= WHAT TO PRODUCE =
In the records below, find the line that contains "move=> ak a_max vak;" and the line that contains "rewrite place_k place_update // /place b_max.". Set down exactly those lines and every line between them, and nothing more.

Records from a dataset
Lemma embed_step_nonmax k c M B : 0 < B -> k < m -> ~~ is_lrmax v k ->
  embed_inv k c M (2 * B) ->
  embed_inv k.+1 [eta c with k |-> nonmax_col k c M] (nonmax_col k c M) B.
Proof.
move=> B_gt0 km k_nmax [incr mono leM sep slack].
set s := nonmax_col k c M.
have updE a : a < k -> [eta c with k |-> s] a = c a by move=> ak; rewrite /= ltn_eqF.
have place_k : place [eta c with k |-> s] k = Y s by rewrite /place (negbTE k_nmax) /= eqxx.
have s_gtM : M < s by apply: leq_maxl.
have s_lrmax a : a < k -> is_lrmax v a -> v a < v k -> c a + E <= s.
  move=> ak a_max vak; rewrite leq_max; apply/orP; right.
  by apply: leq_bigmax_seq; rewrite ?mem_iota ?a_max.
have nonmax_lt b : b < k -> ~~ is_lrmax v b -> v b < v k.
  exact: non_lrmax_lt v_inj v_no321 km.
have s_below a : a < k -> is_lrmax v a -> v k < v a -> s + B <= c a + E.
  move=> ak a_max vka.
  have slack_a := slack a ak a_max
    (fun b bk b_nmax => ltn_trans (nonmax_lt b bk b_nmax) vka).
  suff : s <= c a + E - B by lia.
  rewrite geq_max; apply/andP; split; first lia.
  apply/bigmax_leqP_seq => a'; rewrite mem_iota => /andP[_ a'k] /andP[a'_max va'k].
  by have := sep a' a a'k ak a'_max a_max (ltn_trans va'k vka); lia.
have below_k a : a < k -> (place c a < Y s)%R.
  move=> ak; have := leM a ak; rewrite /place; case: is_lrmax => leaM.
  - by apply: (ltXY XYband); lia.
  - by apply: (ltYY XYband); lia.
split.
- move=> a b ab /ltnS_split[eb|bk].
    by subst b; rewrite place_k place_update // below_k.
  by rewrite !place_update //; [apply: incr | apply: ltn_trans bk].
- move=> a b /ltnS_split[->|ak] /ltnS_split[->|bk] vab.
  + by rewrite ltnn in vab.
  + have b_max : is_lrmax v b by apply/negPn/negP => /(nonmax_lt b bk); lia.
    rewrite place_k place_update // /place b_max.
    by apply: (wltYX XYband); have := s_below b bk b_max vab; lia.
  + rewrite place_k place_update // /place; case: ifP => a_max.
    * by apply: (wltXY XYband); apply: s_lrmax.
    * by apply: (wltYY XYband); have := leM a ak; lia.
  + by rewrite !place_update //; apply: mono.
- move=> a /ltnS_split[->|ak]; first by rewrite /= eqxx.
  by rewrite updE //; have := leM a ak; lia.
- move=> a b /ltnS_split[->|ak] /ltnS_split[->|bk] a_max b_max vab.
  + by rewrite ltnn in vab.
  + by rewrite a_max in k_nmax.
  + by rewrite b_max in k_nmax.
  + by rewrite !updE //; have := sep a b ak bk a_max b_max vab; lia.
- move=> a /ltnS_split[->|ak] a_max above; first by rewrite a_max in k_nmax.
  by rewrite updE //; apply: s_below => //; apply: above.
Qed.

Lemma embed_inv_prefix : 2 ^ m.+1 <= E ->
  forall k, k <= m -> exists c M, embed_inv k c M (2 ^ (m.+1 - k)).
Proof.
move=> E_large; elim=> [|k IH] km; first by exists (fun=> 0), 0.
have [c [M inv_k]] := IH (ltnW km).
have halve : 2 ^ (m.+1 - k) = 2 * 2 ^ (m.+1 - k.+1) by rewrite -expnS; congr (2 ^ _); lia.
have B_gt0 : 0 < 2 ^ (m.+1 - k.+1) by rewrite expn_gt0.
rewrite halve in inv_k.
case k_max: (is_lrmax v k).
- exists [eta c with k |-> M + 2 ^ (m.+1 - k.+1)], (M + 2 ^ (m.+1 - k.+1)).
  apply: embed_step_lrmax => //.
  by apply: leq_trans E_large; rewrite leq_exp2l //; lia.
- exists [eta c with k |-> nonmax_col k c M], (nonmax_col k c M).
  by apply: embed_step_nonmax => //; rewrite k_max.
Qed.

Lemma band_embedding : 2 ^ m.+1 <= E ->
  exists f : nat -> int, (forall a b, a < b -> b < m -> (f a < f b)%R) /\
    (forall a b, a < m -> b < m -> v a < v b -> (w (f a) < w (f b))%R).
Proof.
move=> E_large; have [c [M [incr mono _ _ _]]] := embed_inv_prefix E_large (leqnn m).
by exists (place c).
Qed.

End BandEmbedding.

(** * Patterns of permutations *)

Definition perm_nat m (p : 'S_m) (a : nat) : nat :=
  if insub a is Some o then p o else 0.

Lemma perm_nat_ord m (p : 'S_m) a (am : a < m) : perm_nat p a = p (Ordinal am).
Proof. by rewrite /perm_nat insubT. Qed.

Lemma perm_natE m (p : 'S_m) (o : 'I_m) : perm_nat p o = p o.
Proof. by case: o => a am; rewrite perm_nat_ord. Qed.

Lemma perm_nat_inj m (p : 'S_m) : inj_below (perm_nat p) m.
Proof. by move=> a b am bm; rewrite !perm_nat_ord => /val_inj/perm_inj[]. Qed.

Lemma pat321E (o : 'I_3) : pat321 o = 2 - o :> nat.
Proof. by rewrite permE; case: o => [[|[|[|?]]] ?]. Qed.

Lemma perm_nat_no321 m (p : 'S_m) : perm_avoids p pat321 -> no321_below (perm_nat p) m.
Proof.
move=> p_av a b c ab bc cm; have bm := ltn_trans bc cm; have am := ltn_trans ab bm.
rewrite !perm_nat_ord => vba vcb; apply: p_av.
pose idx (o : 'I_3) := nth (Ordinal cm) [:: Ordinal am; Ordinal bm] o.
have dec (i j : 'I_3) : i < j -> p (idx j) < p (idx i).
  by case: i j => [[|[|[|?]]] ?] [[|[|[|?]]] ?] //= _; apply: ltn_trans vcb vba.
exists idx; split.
- by case=> [[|[|[|?]]] ?] [[|[|[|?]]] ?] //= _; apply: ltn_trans bc.
- move=> i j; rewrite !pat321E; have := ltn_ord i; have := ltn_ord j.
  case: (ltngtP i j) => [ij|ji|/val_inj->]; [have := dec _ _ ij | have := dec _ _ ji |]; lia.
Qed.

Lemma aff_contains_of_embedding m (p : 'S_m) (w : int -> int) (f : nat -> int) :
  (forall a b, a < b -> b < m -> (f a < f b)%R) ->
  (forall a b, a < m -> b < m -> perm_nat p a < perm_nat p b -> (w (f a) < w (f b))%R) ->
  aff_contains w p.
Proof.
move=> f_incr f_mono; exists (fun o => f o); split=> [a b ab | a b]; first exact: f_incr.
have mono (i j : 'I_m) : p i < p j -> (w (f i) < w (f j))%R.
  by rewrite -!perm_natE; apply: f_mono.
split=> [wab|/mono//].
case: (ltngtP (p a) (p b)) => [//|/mono wba|/val_inj/perm_inj eab].
- by have := lt_trans wab wba; rewrite ltxx.
- by rewrite eab ltxx in wab.
Qed.

Lemma aff_contains_trans k m (w : int -> int) (p : 'S_m) (q : 'S_k) :
  aff_contains w p -> perm_contains p q -> aff_contains w q.
Proof.
move=> [idx [idx_incr idx_pat]] [jdx [jdx_incr jdx_pat]].
exists (idx \o jdx); split=> [a b ab | a b] /=; first by apply/idx_incr/jdx_incr.
by rewrite idx_pat jdx_pat.
Qed.

(** * Long descents of affine permutations *)

Local Open Scope ring_scope.

Definition shift_periodic (n : nat) (w : int -> int) : Prop :=
  forall x, w (x + n%:Z) = w x + n%:Z.

Lemma shift_periodicM n (w : int -> int) : shift_periodic n w ->
  forall (q : int) x, w (x + q * n%:Z) = w x + q * n%:Z.
Proof.
move=> w_per; elim/int_rec => [x|q IH x|q IH x]; first by rewrite mul0r !addr0.
- have -> : x + q.+1%:Z * n%:Z = x + q%:Z * n%:Z + n%:Z by lia.
  by rewrite w_per IH; lia.
- have shiftE : x + - q%:Z * n%:Z = x + - q.+1%:Z * n%:Z + n%:Z by lia.
  move: (IH x); rewrite shiftE w_per => /(congr1 (fun z => z - n%:Z)).
  by rewrite addrK => ->; lia.
Qed.

Lemma band_of_descent n (w : int -> int) (i0 : int) (d g : nat) :
  shift_periodic n w -> injective w -> (0 < d < n)%N -> (0 < g)%N ->
  w i0 = w (i0 + d%:Z) + g%:Z ->
  band (fun t => i0 + (t * n)%:Z) (fun s => i0 + (d + s * n)%:Z) w (g %/ n).+1.
Proof.
move=> w_per w_inj /andP[d_gt0 dn] g_gt0 w_descent.
have w_perM := shift_periodicM w_per.
have wX t : w (i0 + (t * n)%:Z) = w (i0 + d%:Z) + (g + t * n)%:Z.
  by rewrite PoszM w_perM w_descent; lia.
have wY s : w (i0 + (d + s * n)%:Z) = w (i0 + d%:Z) + (s * n)%:Z.
  by rewrite PoszD addrA PoszM w_perM.
have g_nmult : (g %% n != 0)%N.
  apply/eqP => g_mod; suff /w_inj : w i0 = w (i0 + (d + g %/ n * n)%:Z) by lia.
  by rewrite wY w_descent {1}(divn_eq g n) g_mod addn0.
have g_lt : (g < (g %/ n).+1 * n)%N by rewrite ltn_ceil //; lia.
have g_gt : (g %/ n * n < g)%N.
  by rewrite {2}(divn_eq g n) -[X in (X < _)%N]addn0 ltn_add2l lt0n.
split=> [t t'|s s'|t s|t s|t t'|s s'|t s|t s] ?; rewrite ?wX ?wY; nia.
Qed.

Lemma sum_window_id n : \sum_(1 <= i < n.+1) i%:Z = ('C(n.+1, 2))%:Z.
Proof.
elim: n => [|n IH]; first by rewrite big_geq.
by rewrite big_nat_recr //= IH [in RHS]binS bin1 PoszD.
Qed.

Lemma affine_offset_sum n w : affine_perm n w ->
  \sum_(1 <= i < n.+1) (w i%:Z - i%:Z) = 0.
Proof. by case=> _ [_ w_sum]; rewrite sumrB w_sum sum_window_id subrr. Qed.

Lemma sum_eq0_nonpos (f : nat -> int) n : (0 < n)%N ->
  \sum_(1 <= i < n.+1) f i = 0 -> exists i, [/\ (0 < i)%N, (i <= n)%N & f i <= 0].
Proof.
move=> n_gt0 f_sum.
have [/hasP[i]|/hasPn f_pos] := boolP (has (fun i => f i <= 0) (iota 1 n)).
  by rewrite mem_iota => /andP[i_gt0 i_le] fi; exists i; split=> //; lia.
suff : \sum_(1 <= i < n.+1) (0 : int) < \sum_(1 <= i < n.+1) f i.
  by rewrite big1 // f_sum ltxx.
apply: ltr_sum_nat => // i /andP[i_gt0 i_le]; rewrite ltNge f_pos // mem_iota; lia.
Qed.

Lemma descent_of_offset_gap n (w : int -> int) (K a b : nat) :
  shift_periodic n w -> (0 < a <= n)%N -> (0 < b <= n)%N ->
  (K + n)%:Z + (w b%:Z - b%:Z) < w a%:Z - a%:Z ->
  exists (i0 : int) (d g : nat), [/\ (0 < d < n)%N, (K < g)%N & w i0 = w (i0 + d%:Z) + g%:Z].
Proof.
move=> w_per a_win b_win gap; exists a%:Z.
case: (ltngtP a b) => [ab|ba|eab]; last by subst b; lia.
- exists (b - a)%N, `|w a%:Z - w b%:Z|%N.
  have -> : a%:Z + (b - a)%N%:Z = b%:Z by lia.
  split; lia.
- exists (b + n - a)%N, `|w a%:Z - w (b + n)%N%:Z|%N.
  have -> : a%:Z + (b + n - a)%N%:Z = (b + n)%N%:Z by lia.
  rewrite PoszD w_per; split; lia.
Qed.

Lemma aff_contains_of_descent n m (w : int -> int) (p : 'S_m) (i0 : int) (d g : nat) :
  shift_periodic n w -> injective w -> perm_avoids p pat321 ->
  (0 < d < n)%N -> (2 ^ m.+1 * n < g)%N -> w i0 = w (i0 + d%:Z) + g%:Z ->
  aff_contains w p.
Proof.
move=> w_per w_inj p_av d_win g_large w_descent.
have XYband := band_of_descent w_per w_inj d_win (leq_ltn_trans (leq0n _) g_large) w_descent.
have E_large : (2 ^ m.+1 <= (g %/ n).+1)%N by apply: leqW; rewrite leq_divRL; lia.
have [f [f_incr f_mono]] :=
  band_embedding XYband (@perm_nat_inj m p) (perm_nat_no321 p_av) E_large.
exact: aff_contains_of_embedding f_incr f_mono.
Qed.

Lemma affine_avoider_offset_bound n m (w : int -> int) (p : 'S_m) :
  (2 <= n)%N -> affine_perm n w -> perm_avoids p pat321 -> aff_avoids w p ->
  forall i : nat, (0 < i <= n)%N -> `|w i%:Z - i%:Z| <= (2 ^ m.+1 * n + n)%N%:Z.
Proof.
move=> n_ge2 w_aff p_av w_av i i_win.
have [w_bij [w_per _]] := w_aff.
have no_gap (a b : nat) : (0 < a <= n)%N -> (0 < b <= n)%N ->
    ~ ((2 ^ m.+1 * n + n)%N%:Z + (w b%:Z - b%:Z) < w a%:Z - a%:Z).
  move=> a_win b_win /(descent_of_offset_gap w_per a_win b_win).
  move=> [i0 [d [g [d_win g_large descent]]]]; apply: w_av.
  exact: aff_contains_of_descent w_per (bij_inj w_bij) p_av d_win g_large descent.
have n_gt0 : (0 < n)%N by lia.
have sum0 := affine_offset_sum w_aff.
have [b [b_gt0 b_le b_nonpos]] := sum_eq0_nonpos n_gt0 sum0.
have sumN0 : \sum_(1 <= j < n.+1) - (w j%:Z - j%:Z) = 0 by rewrite sumrN sum0 oppr0.
have [a [a_gt0 a_le a_nonneg]] := sum_eq0_nonpos n_gt0 sumN0.
have := no_gap i b i_win; have := no_gap a i; lia.
Qed.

= SOLUTION TO THIS TASK =
  move=> ak a_max vak; rewrite leq_max; apply/orP; right.
  by apply: leq_bigmax_seq; rewrite ?mem_iota ?a_max.
have nonmax_lt b : b < k -> ~~ is_lrmax v b -> v b < v k.
  exact: non_lrmax_lt v_inj v_no321 km.
have s_below a : a < k -> is_lrmax v a -> v k < v a -> s + B <= c a + E.
  move=> ak a_max vka.
  have slack_a := slack a ak a_max
    (fun b bk b_nmax => ltn_trans (nonmax_lt b bk b_nmax) vka).
  suff : s <= c a + E - B by lia.
  rewrite geq_max; apply/andP; split; first lia.
  apply/bigmax_leqP_seq => a'; rewrite mem_iota => /andP[_ a'k] /andP[a'_max va'k].
  by have := sep a' a a'k ak a'_max a_max (ltn_trans va'k vka); lia.
have below_k a : a < k -> (place c a < Y s)%R.
  move=> ak; have := leM a ak; rewrite /place; case: is_lrmax => leaM.
  - by apply: (ltXY XYband); lia.
  - by apply: (ltYY XYband); lia.
split.
- move=> a b ab /ltnS_split[eb|bk].
    by subst b; rewrite place_k place_update // below_k.
  by rewrite !place_update //; [apply: incr | apply: ltn_trans bk].
- move=> a b /ltnS_split[->|ak] /ltnS_split[->|bk] vab.
  + by rewrite ltnn in vab.
  + have b_max : is_lrmax v b by apply/negPn/negP => /(nonmax_lt b bk); lia.
    rewrite place_k place_update // /place b_max.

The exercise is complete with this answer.